[Collection entries]
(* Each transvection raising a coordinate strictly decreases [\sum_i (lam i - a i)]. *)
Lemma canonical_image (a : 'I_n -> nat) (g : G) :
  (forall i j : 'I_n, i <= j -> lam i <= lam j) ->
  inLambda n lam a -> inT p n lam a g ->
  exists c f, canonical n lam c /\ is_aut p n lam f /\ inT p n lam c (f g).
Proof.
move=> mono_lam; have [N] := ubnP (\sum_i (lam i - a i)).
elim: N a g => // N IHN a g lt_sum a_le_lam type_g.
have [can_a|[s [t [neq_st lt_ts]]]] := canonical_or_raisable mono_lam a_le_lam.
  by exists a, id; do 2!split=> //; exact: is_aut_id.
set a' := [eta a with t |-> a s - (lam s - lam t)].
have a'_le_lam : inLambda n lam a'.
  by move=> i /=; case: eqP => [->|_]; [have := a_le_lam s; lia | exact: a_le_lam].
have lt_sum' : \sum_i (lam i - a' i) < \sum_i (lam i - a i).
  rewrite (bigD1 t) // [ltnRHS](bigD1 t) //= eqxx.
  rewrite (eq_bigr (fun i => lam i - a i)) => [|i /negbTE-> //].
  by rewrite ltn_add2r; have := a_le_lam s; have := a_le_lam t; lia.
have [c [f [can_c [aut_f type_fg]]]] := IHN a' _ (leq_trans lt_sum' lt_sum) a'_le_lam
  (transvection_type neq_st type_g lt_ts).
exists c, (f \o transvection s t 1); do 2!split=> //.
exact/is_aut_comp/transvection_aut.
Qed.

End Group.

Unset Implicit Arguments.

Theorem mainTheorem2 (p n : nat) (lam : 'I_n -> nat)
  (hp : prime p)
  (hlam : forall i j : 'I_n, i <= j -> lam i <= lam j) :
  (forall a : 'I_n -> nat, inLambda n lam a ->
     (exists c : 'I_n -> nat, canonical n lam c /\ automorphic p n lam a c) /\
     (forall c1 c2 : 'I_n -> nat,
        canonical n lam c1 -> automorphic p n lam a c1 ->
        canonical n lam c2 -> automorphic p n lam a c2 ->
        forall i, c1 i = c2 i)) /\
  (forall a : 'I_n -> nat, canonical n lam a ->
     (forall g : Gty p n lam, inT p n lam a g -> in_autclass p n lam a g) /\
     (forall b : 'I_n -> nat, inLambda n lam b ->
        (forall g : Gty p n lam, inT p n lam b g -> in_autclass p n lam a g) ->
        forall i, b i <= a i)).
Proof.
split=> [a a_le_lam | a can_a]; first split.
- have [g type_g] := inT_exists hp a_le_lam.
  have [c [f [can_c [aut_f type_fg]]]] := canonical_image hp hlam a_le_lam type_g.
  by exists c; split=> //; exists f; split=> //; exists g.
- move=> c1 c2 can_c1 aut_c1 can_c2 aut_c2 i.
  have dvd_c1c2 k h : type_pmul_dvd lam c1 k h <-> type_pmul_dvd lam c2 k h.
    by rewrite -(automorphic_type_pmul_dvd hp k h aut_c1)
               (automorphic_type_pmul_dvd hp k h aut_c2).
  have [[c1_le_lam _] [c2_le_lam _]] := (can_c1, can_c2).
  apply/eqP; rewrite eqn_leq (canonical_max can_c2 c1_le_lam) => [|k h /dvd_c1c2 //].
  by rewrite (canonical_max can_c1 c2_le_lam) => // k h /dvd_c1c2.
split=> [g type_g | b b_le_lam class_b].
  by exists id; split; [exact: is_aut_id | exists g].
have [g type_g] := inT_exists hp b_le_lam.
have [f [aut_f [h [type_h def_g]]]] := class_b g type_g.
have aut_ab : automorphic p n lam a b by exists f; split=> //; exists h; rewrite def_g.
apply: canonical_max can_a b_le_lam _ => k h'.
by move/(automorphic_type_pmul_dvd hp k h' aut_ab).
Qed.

==

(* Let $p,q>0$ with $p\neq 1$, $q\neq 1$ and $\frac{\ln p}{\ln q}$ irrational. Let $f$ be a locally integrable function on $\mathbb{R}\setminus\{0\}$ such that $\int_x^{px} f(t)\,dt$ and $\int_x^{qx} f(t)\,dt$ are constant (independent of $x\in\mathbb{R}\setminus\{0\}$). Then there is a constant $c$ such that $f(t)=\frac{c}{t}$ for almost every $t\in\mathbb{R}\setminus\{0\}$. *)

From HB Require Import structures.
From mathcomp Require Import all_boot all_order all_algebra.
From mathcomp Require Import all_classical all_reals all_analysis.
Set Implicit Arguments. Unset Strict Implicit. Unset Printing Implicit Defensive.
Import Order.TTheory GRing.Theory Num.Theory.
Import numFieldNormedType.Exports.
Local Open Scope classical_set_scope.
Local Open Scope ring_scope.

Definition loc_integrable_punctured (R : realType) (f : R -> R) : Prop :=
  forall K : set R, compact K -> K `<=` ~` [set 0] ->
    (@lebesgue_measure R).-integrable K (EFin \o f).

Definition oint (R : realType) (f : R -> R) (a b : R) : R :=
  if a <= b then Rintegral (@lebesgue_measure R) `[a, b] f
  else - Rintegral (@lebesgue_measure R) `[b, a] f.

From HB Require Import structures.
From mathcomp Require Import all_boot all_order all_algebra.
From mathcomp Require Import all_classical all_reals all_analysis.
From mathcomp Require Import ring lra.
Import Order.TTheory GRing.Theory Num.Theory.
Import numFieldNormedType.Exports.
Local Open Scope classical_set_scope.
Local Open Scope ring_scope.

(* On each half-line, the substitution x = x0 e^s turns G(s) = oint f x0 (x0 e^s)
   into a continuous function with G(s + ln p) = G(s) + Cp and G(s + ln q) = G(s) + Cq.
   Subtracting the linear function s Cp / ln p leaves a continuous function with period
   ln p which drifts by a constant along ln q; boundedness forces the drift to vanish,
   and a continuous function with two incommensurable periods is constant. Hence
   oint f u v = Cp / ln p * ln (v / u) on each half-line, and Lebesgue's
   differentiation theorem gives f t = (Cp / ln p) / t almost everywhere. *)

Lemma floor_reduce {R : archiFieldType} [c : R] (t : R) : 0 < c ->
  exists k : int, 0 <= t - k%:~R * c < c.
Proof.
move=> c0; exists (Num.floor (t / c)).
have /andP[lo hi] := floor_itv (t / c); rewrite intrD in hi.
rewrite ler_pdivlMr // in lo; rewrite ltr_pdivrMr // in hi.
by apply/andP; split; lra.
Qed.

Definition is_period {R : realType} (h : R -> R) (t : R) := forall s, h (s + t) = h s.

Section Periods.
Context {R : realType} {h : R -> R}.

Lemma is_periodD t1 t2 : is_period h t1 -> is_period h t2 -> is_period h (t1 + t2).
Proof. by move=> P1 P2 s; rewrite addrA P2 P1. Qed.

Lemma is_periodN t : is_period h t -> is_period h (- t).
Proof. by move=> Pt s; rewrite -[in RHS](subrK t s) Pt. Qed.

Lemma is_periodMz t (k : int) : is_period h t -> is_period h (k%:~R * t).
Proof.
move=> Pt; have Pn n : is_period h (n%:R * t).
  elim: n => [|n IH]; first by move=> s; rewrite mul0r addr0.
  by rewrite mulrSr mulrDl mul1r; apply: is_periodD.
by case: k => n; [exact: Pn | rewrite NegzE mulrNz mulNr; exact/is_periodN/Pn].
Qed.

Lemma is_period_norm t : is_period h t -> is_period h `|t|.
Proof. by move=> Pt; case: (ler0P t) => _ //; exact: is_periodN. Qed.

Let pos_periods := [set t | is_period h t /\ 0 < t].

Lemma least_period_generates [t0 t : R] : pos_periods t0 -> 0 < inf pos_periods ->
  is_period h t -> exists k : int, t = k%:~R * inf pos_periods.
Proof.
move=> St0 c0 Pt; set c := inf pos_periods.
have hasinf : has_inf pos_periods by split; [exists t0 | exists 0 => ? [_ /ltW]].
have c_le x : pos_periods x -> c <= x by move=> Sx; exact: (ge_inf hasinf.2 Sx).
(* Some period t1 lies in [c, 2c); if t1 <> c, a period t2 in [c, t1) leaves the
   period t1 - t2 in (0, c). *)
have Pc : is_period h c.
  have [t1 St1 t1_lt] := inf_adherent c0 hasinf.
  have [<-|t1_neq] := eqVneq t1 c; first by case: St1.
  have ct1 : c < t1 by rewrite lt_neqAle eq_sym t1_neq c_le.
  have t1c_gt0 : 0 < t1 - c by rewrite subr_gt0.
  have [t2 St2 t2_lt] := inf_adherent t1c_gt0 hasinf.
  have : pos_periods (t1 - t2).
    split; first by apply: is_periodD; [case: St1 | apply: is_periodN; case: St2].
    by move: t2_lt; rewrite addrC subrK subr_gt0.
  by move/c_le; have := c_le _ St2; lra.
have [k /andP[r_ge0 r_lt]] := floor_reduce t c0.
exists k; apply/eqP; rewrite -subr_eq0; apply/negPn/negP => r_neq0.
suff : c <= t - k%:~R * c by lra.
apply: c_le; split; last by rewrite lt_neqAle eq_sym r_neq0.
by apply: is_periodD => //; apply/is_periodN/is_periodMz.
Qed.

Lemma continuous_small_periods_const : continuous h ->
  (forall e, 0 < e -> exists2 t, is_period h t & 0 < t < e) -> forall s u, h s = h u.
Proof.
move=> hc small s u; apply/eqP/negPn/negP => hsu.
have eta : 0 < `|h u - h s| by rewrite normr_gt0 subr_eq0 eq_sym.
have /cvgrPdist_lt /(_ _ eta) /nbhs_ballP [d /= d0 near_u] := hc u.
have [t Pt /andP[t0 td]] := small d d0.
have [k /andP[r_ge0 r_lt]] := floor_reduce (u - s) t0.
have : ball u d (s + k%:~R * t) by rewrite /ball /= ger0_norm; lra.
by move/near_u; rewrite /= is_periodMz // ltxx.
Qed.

■ WHAT YOU ARE ASKED TO DO ■
Every line above from the line with "Proof. by move=> Pt s;" to the line with "have ct1 : c", both included, must be reproduced exactly, and no other line may appear.

■ RESPONSE BOX ■
Proof. by move=> Pt s; rewrite -[in RHS](subrK t s) Pt. Qed.

Lemma is_periodMz t (k : int) : is_period h t -> is_period h (k%:~R * t).
Proof.
move=> Pt; have Pn n : is_period h (n%:R * t).
  elim: n => [|n IH]; first by move=> s; rewrite mul0r addr0.
  by rewrite mulrSr mulrDl mul1r; apply: is_periodD.
by case: k => n; [exact: Pn | rewrite NegzE mulrNz mulNr; exact/is_periodN/Pn].
Qed.

Lemma is_period_norm t : is_period h t -> is_period h `|t|.
Proof. by move=> Pt; case: (ler0P t) => _ //; exact: is_periodN. Qed.

Let pos_periods := [set t | is_period h t /\ 0 < t].

Lemma least_period_generates [t0 t : R] : pos_periods t0 -> 0 < inf pos_periods ->
  is_period h t -> exists k : int, t = k%:~R * inf pos_periods.
Proof.
move=> St0 c0 Pt; set c := inf pos_periods.
have hasinf : has_inf pos_periods by split; [exists t0 | exists 0 => ? [_ /ltW]].
have c_le x : pos_periods x -> c <= x by move=> Sx; exact: (ge_inf hasinf.2 Sx).
(* Some period t1 lies in [c, 2c); if t1 <> c, a period t2 in [c, t1) leaves the
   period t1 - t2 in (0, c). *)
have Pc : is_period h c.
  have [t1 St1 t1_lt] := inf_adherent c0 hasinf.
  have [<-|t1_neq] := eqVneq t1 c; first by case: St1.
  have ct1 : c < t1 by rewrite lt_neqAle eq_sym t1_neq c_le.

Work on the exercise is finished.